In my last post, I wrote about Preview Environments, and their immense value when it comes to vibe coding. In this post, I add a monumental addition in the form of a Claude Code agent CI/CD to my repository and end up with a complete, fully self-hosted “vibe coding” platform, which is frankly… quite better than what they are making you pay thousands of dollars on Replit, v0, and Lovable!

I open an issue → tag my agent → it creates a branch, makes a change & opens a pull request. Then my preview environment CI flow creates a new schema in my Supabase → builds & deploys the changes my agent did → leaves a comment on the PR with the subdomain for me to test.

No code. No terminal. No phone app.

Here is the architecture continuation from my previous post about preview environments.

This flow (in my opinion alien-like) becomes possible with a cingle CI: clopus-agent.yml !


The way it works is quite simple. The ci spawns, installs claude code, and sets the authentication credentials I have from my local claude code oAuth, allowing me to use my Claude Code subscription inside my ci. This happens through an environment variable, set as a repository secret inside Github. The CI itself (which you can take a look at, here), has declarations for who can invoke the agent — it is my account, then it feeds the agent with the initial prompt, which is also in the repository and can be found, here. The agent also adds comments about every action update: changes, fails, and so on.

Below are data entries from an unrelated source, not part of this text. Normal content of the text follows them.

(* In the family of directed acyclic graphs, the Geometric Mechanism satisfies incentive compatibility and fairness.
   Context: Setting: agents $N=\{1,\dots,n\}$ form a directed acyclic graph (DAG); an edge $(i,j)$ means $i$ follows $j$. Agent $i$'s type $\theta_i$ is her set of true out-edges; she reports $\theta_i'\subseteq\theta_i$ (she can only hide edges). $G(\theta')$ is the graph built from the report profile $\theta'$. $P_i$ is the set of agents that can reach $i$ by a directed path (including $i$), and $p_i=|P_i|$ is $i$'s progeny. Write $p_i\succ p_j$ if $p_i>p_j$, or $p_i=p_j$ and $i<j$. A selection mechanism maps each report profile to selection probabilities $x_i(\theta')\in[0,1]$ with $\sum_i x_i(\theta')\le 1$. Influential node: agent $i$ is influential in $G(\theta')$ if, after deleting all of $i$'s out-edges (profile $(\theta'_{-i},\emptyset)$), $p_i\succ p_j$ for all $j\neq i$ in that modified graph. The influential set $S^{inf.}(G(\theta'))=\{s_1,\dots,s_m\}$ is the set of influential nodes, ordered so that $s_1\succ s_2\succ\cdots\succ s_m$ by progeny in $G(\theta')$. Geometric Mechanism: compute $S^{inf.}(G(\theta'))=\{s_1,\dots,s_m\}$; select $s_j$ with probability $1/2^{m-j+1}$, and every agent outside the influential set with probability $0$. Incentive compatibility: for all $N$, all $i$, all true profiles $\theta$, all $\theta'_{-i}$ with $\theta'_k\subseteq\theta_k$ for $k\neq i$, and all $\theta_i'\subseteq\theta_i$, $x_i((\theta_i,\theta'_{-i}))\ge x_i((\theta_i',\theta'_{-i}))$. Fairness: for a graph $G=(N,E)$, let $G(i)=(P_i,E_i)$ be the subgraph induced by $i$'s progeny, with $E_i=\{(j,k)\in E: j,k\in P_i\}$. A mechanism is fair if for all $N$ and all DAGs $G,G'$ on $n$ nodes with $S^{inf.}(G)=S^{inf.}(G')=\{s_1,\dots,s_m\}$ and $G(s_1)=G'(s_1)$, we have $x_{s_1}(G)=x_{s_1}(G')$. *)

(* Agents are 'I_n (agent k <-> paper's agent k+1). *)
From mathcomp Require Import all_boot all_order all_algebra.
Set Implicit Arguments. Unset Strict Implicit. Unset Printing Implicit Defensive.
Import Order.TTheory GRing.Theory Num.Theory.

(* A (report) profile: theta i = set of out-edges of i (i follows j iff j \in theta i). *)
Definition profile (n : nat) := 'I_n -> {set 'I_n}.

Definition edge n (th : profile n) : rel 'I_n := fun i j => j \in th i.

Definition acyclic n (th : profile n) : Prop :=
  forall i j : 'I_n, edge th i j -> ~~ connect (edge th) j i.

Definition progeny n (th : profile n) (i : 'I_n) : {set 'I_n} :=
  [set j | connect (edge th) j i].

Definition prog n (th : profile n) (i : 'I_n) : nat := #|progeny th i|.

Definition succ n (th : profile n) (i j : 'I_n) : bool :=
  (prog th j < prog th i)%N || ((prog th i == prog th j) && (i < j)%N).

Definition update n (th : profile n) (i : 'I_n) (s : {set 'I_n}) : profile n :=
  fun k => if k == i then s else th k.

Definition influential n (th : profile n) (i : 'I_n) : bool :=
  [forall j : 'I_n, (j != i) ==> succ (update th i set0) i j].

Definition inf_seq n (th : profile n) : seq 'I_n :=
  sort (fun a b => (a == b) || succ th a b) [seq i <- enum 'I_n | influential th i].

(* Geometric Mechanism: s_j (1-based index j) gets 1/2^(m-j+1); others get 0.
   With 0-based index idx = j-1, m - j + 1 = m - idx. *)
Definition geometric n (th : profile n) (i : 'I_n) : rat :=
  (if influential th i
  then (((2 ^ (size (inf_seq th) - index i (inf_seq th)))%N)%:R)^-1
  else 0)%R.

From mathcomp Require Import all_boot all_order all_algebra.
From mathcomp Require Import zify.
From Stdlib Require Import FunctionalExtensionality.
Import Order.TTheory GRing.Theory Num.Theory.

(* Hiding out-edges cannot change whether i is influential, since that test
   deletes i's out-edges anyway; it only matters through i's rank among the
   influential nodes, where i gets probability 2^-c with c the number of
   influential nodes ranked at or below i.  Under the truthful report, every
   influential j ranked below i must reach i: otherwise deleting j's out-edges
   leaves p_i unchanged, and j would not beat i.  By acyclicity i cannot reach
   such a j, so p_j ignores i's out-edges, as does p_i, while every other
   progeny can only shrink when i hides edges.  Hence j stays influential and
   below i, so c can only grow.  Fairness is immediate: s_1 gets 2^-m. *)

Set Implicit Arguments.
Unset Strict Implicit.
Unset Printing Implicit Defensive.

Lemma connect_sub_to (T : finType) (e1 e2 : rel T) y :
  (forall u v, u != y -> connect e1 u y -> e1 u v -> e2 u v) ->
  forall x, connect e1 x y -> connect e2 x y.
Proof.
move=> e12 x /connectP[p]; elim: p x => [x _ -> // | v p IHp x].
move=> /= /andP[e1xv p_v] y_last.
have [-> // | x_neq_y] := eqVneq x y.
have x_to_y : connect e1 x y by apply/connectP; exists (v :: p); rewrite //= e1xv.
exact: connect_trans (connect1 (e12 _ _ x_neq_y x_to_y e1xv)) (IHp _ p_v y_last).
Qed.

Lemma size_sub_index_sorted (T : eqType) (r : rel T) (s : seq T) x :
  reflexive r -> transitive r -> antisymmetric r ->
  sorted r s -> x \in s -> size s - index x s = count (r x) s.
Proof.
move=> r_refl r_trans r_anti; elim: s => [//|y s IHs] /= r_ys.
have r_y_s := order_path_min r_trans r_ys.
have [<- _ | y_neq_x] := eqVneq y x.
  by move: r_y_s; rewrite r_refl subn0 add1n all_count => /eqP->.
rewrite in_cons eq_sym (negbTE y_neq_x) /= => x_in_s.
have r_yx : r y x by move/allP: r_y_s; apply.
have /negbTE-> : ~~ r x y.
  by apply: contraNN y_neq_x => r_xy; apply/eqP; apply: r_anti; rewrite r_yx.
by rewrite subSS IHs // (path_sorted r_ys).
Qed.

Section Progeny.
Variable n : nat.
Implicit Types (th : profile n) (i j u : 'I_n) (s : {set 'I_n}).

Lemma connect_profile_sub th1 th2 : (forall u, th1 u \subset th2 u) ->
  subrel (connect (edge th1)) (connect (edge th2)).
Proof.
by move=> sub12; apply: connect_sub => u v uv; apply/connect1/(subsetP (sub12 u)).
Qed.

Lemma acyclic_sub th1 th2 : (forall u, th1 u \subset th2 u) ->
  acyclic th2 -> acyclic th1.
Proof.
move=> sub12 ac2 u v /(subsetP (sub12 u)) uv2; apply: contra (ac2 _ _ uv2).
exact: connect_profile_sub.
Qed.

Lemma acyclic_connect_eq th u v : acyclic th ->
  connect (edge th) u v -> connect (edge th) v u -> u = v.
Proof.
move=> ac /connectP[[|w p] /= p_uv -> //] vu; case/andP: p_uv => uw p_w.
have wv : connect (edge th) w (last w p) by apply/connectP; exists p.
by move: (ac _ _ uw); rewrite (connect_trans wv vu).
Qed.

Lemma progeny_sub th1 th2 j : (forall u, th1 u \subset th2 u) ->
  progeny th1 j \subset progeny th2 j.
Proof.
by move=> sub12; apply/subsetP => u; rewrite !inE; apply: connect_profile_sub.
Qed.

Lemma eq_progeny th1 th2 j :
  {in progeny th1 j :|: progeny th2 j, forall u, u != j -> th1 u = th2 u} ->
  progeny th1 j = progeny th2 j.
Proof.
move=> eq12; apply/setP => x; rewrite !inE; apply/idP/idP; apply: connect_sub_to.
- by move=> u v u_neq_j u_j; rewrite /edge eq12 // !inE u_j.
- by move=> u v u_neq_j u_j; rewrite /edge eq12 // !inE u_j orbT.
Qed.

Lemma progeny_update_self th i s : progeny (update th i s) i = progeny th i.
Proof. by apply: eq_progeny => u _; rewrite /update => /negbTE->. Qed.

Lemma connect_drop_self th j i : connect (edge (update th j set0)) j i = (j == i).
Proof.
apply/idP/eqP => [|<-]; last exact: connect0.
by case/connectP => -[_ -> // | w p]; rewrite /= /edge /update eqxx inE.
Qed.

Lemma progeny_drop_unreachable th i j : ~~ connect (edge th) j i ->
  progeny (update th j set0) i = progeny th i.
Proof.
move=> j_not_to_i; apply: eq_progeny => u; rewrite /update.
have [-> | //] := eqVneq u j.
by rewrite !inE connect_drop_self (negbTE j_not_to_i) orbF => /eqP->; rewrite eqxx.
Qed.

Definition succeq th i j := (i == j) || succ th i j.

Lemma succ_asym th i j : succ th i j -> ~~ succ th j i.
Proof. rewrite /succ; lia. Qed.

Lemma succ_mono th1 th2 i j :
  prog th2 i <= prog th1 i -> prog th1 j <= prog th2 j ->
  succ th2 i j -> succ th1 i j.
Proof. rewrite /succ; lia. Qed.

Lemma succeq_refl th : reflexive (succeq th).
Proof. by move=> i; rewrite /succeq eqxx. Qed.

Lemma succeq_trans th : transitive (succeq th).
Proof.
move=> j i k /orP[/eqP-> // | ij] /orP[/eqP<- | jk]; rewrite /succeq ?ij ?orbT //.
by apply/orP; right; move: ij jk; rewrite /succ; lia.
Qed.

Lemma succeq_anti th : antisymmetric (succeq th).
Proof.
move=> i j; rewrite /succeq; have [// | _ /=] := eqVneq i j.
by case/andP=> /succ_asym/negPf->.
Qed.

Lemma succeq_total th : total (succeq th).
Proof.
move=> i j; rewrite /succeq /succ; have [// | ] := eqVneq i j.
rewrite -val_eqE /=; lia.
Qed.

Lemma mem_inf_seq th i : (i \in inf_seq th) = influential th i.
Proof. by rewrite mem_sort mem_filter mem_enum andbT. Qed.

Lemma geometricE th i : influential th i ->
  geometric th i =
    ((2 ^ count (fun j => influential th j && succeq th i j) (enum 'I_n))%:R)^-1%R.
Proof.
move=> infl_i; rewrite /geometric infl_i.
rewrite (@size_sub_index_sorted _ (succeq th)) ?mem_inf_seq //.
- rewrite count_sort count_filter; congr (_%:R^-1)%R.
  by apply/congr1/eq_count => j; rewrite andbC.
- exact: succeq_refl.
- exact: succeq_trans.
- exact: succeq_anti.
- exact: sort_sorted (succeq_total th) _.
Qed.

Lemma influential_update th i s : influential (update th i s) i = influential th i.
Proof.
rewrite /influential; have -> // : update (update th i s) i set0 = update th i set0.
by apply: functional_extensionality => k; rewrite /update; case: (k == i).
Qed.

Lemma influential_succ_connect th i j :
  influential th j -> succ th i j -> connect (edge th) j i.
Proof.
move=> infl_j i_succ_j; apply/negPn/negP => j_not_to_i.
have i_neq_j : i != j by apply: contraTneq i_succ_j => ->; rewrite /succ ltnn eqxx ltnn.
have := forallP infl_j i; rewrite i_neq_j /= /succ /prog.
rewrite progeny_update_self progeny_drop_unreachable //.
by apply/negP; apply: succ_asym.
Qed.

End Progeny.

Section HidingEdges.
Variables (n : nat) (G : profile n) (i : 'I_n) (s s' : {set 'I_n}).
Hypotheses (acyclic_truthful : acyclic (update G i s)) (hidden_sub : s' \subset s).
Local Notation Gtrue := (update G i s).
Local Notation Ghide := (update G i s').

Lemma update_hide_sub u : Ghide u \subset Gtrue u.
Proof. by rewrite /update; case: (u == i). Qed.

Lemma progeny_hide_self : progeny Ghide i = progeny Gtrue i.
Proof. by rewrite !progeny_update_self. Qed.

Lemma progeny_hide_above j : j != i -> j \in progeny Gtrue i ->
  progeny Ghide j = progeny Gtrue j.
Proof.
move=> j_neq_i j_to_i; apply: eq_progeny => u; rewrite /update.
have [-> | //] := eqVneq u i; rewrite !inE => i_to_j _.
have {}i_to_j : connect (edge Gtrue) i j.
  by case/orP: i_to_j => // /(connect_profile_sub update_hide_sub).
rewrite inE in j_to_i.
by move: j_neq_i; rewrite (acyclic_connect_eq acyclic_truthful i_to_j j_to_i) eqxx.
Qed.

Lemma succeq_hide j : influential Gtrue j -> succeq Gtrue i j ->
  influential Ghide j && succeq Ghide i j.
Proof.
have [-> | j_neq_i] := eqVneq j i.
  by move=> + _; rewrite succeq_refl andbT !influential_update.
rewrite /succeq eq_sym (negbTE j_neq_i) /= => infl_j i_succ_j.
have j_to_i : j \in progeny Gtrue i by rewrite inE; apply: influential_succ_connect.
have progeny_j := progeny_hide_above j_neq_i j_to_i.
rewrite (succ_mono _ _ i_succ_j) /prog ?progeny_hide_self ?progeny_j // andbT.
apply/forallP => k; apply/implyP => k_neq_j.
apply: succ_mono (implyP (forallP infl_j k) k_neq_j).
  by rewrite /prog !progeny_update_self progeny_j.
apply/subset_leq_card/progeny_sub => u; rewrite /update; case: (u == j) => //.
exact: update_hide_sub.
Qed.

End HidingEdges.

Local Open Scope ring_scope.

Theorem theorem1 :
  (* Incentive compatibility *)
  (forall (n : nat) (th th' : profile n) (i : 'I_n) (ti : {set 'I_n}),
     acyclic th ->
     (forall k : 'I_n, k != i -> th' k \subset th k) ->
     ti \subset th i ->
     geometric (update th' i ti) i <= geometric (update th' i (th i)) i)
  /\
  (* Fairness *)
  (forall (n : nat) (G G' : profile n) (s1 : 'I_n) (rest : seq 'I_n),
     acyclic G -> acyclic G' ->
     inf_seq G = s1 :: rest -> inf_seq G' = s1 :: rest ->
     progeny G s1 = progeny G' s1 ->
     (forall j k : 'I_n, j \in progeny G s1 -> k \in progeny G s1 ->
        (k \in G j) = (k \in G' j)) ->
     geometric G s1 = geometric G' s1).
Proof.
split; last first.
  move=> n G G' s1 rest _ _ G_inf G'_inf _ _.
  by rewrite /geometric -!mem_inf_seq G_inf G'_inf mem_head.
move=> n th th' i ti acyclic_th others_sub ti_sub.
have acyclic_truthful : acyclic (update th' i (th i)).
  apply: acyclic_sub acyclic_th => u; rewrite /update.
  by have [-> // | /others_sub] := eqVneq u i.
have [infl_i | not_infl_i] := boolP (influential th' i); last first.
  by rewrite /geometric !influential_update (negbTE not_infl_i).
rewrite !geometricE ?influential_update // lef_pV2 ?posrE ?ltr0n ?expn_gt0 //.
rewrite ler_nat leq_exp2l //; apply: sub_count => j /andP[].
exact: succeq_hide.
Qed.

As always, you can find all the changes & code in the repository: https://github.com/kubeden/preview-environments/

I think this is an extremely powerful platform. Especially, considering the recent finding I had that you can.. well.. run Claude Code practically 24/7, and since the loop doesn’t have to be a basic “continue”, but a rather intelligent one (with another Claude Code)… well, I will have to lie if I say I don’t believe this could turn into a very powerful, autonomous, and self-sustainable application development experience. And I’ll also lie if I say I don’t have at least 10 ideas to boot this all into.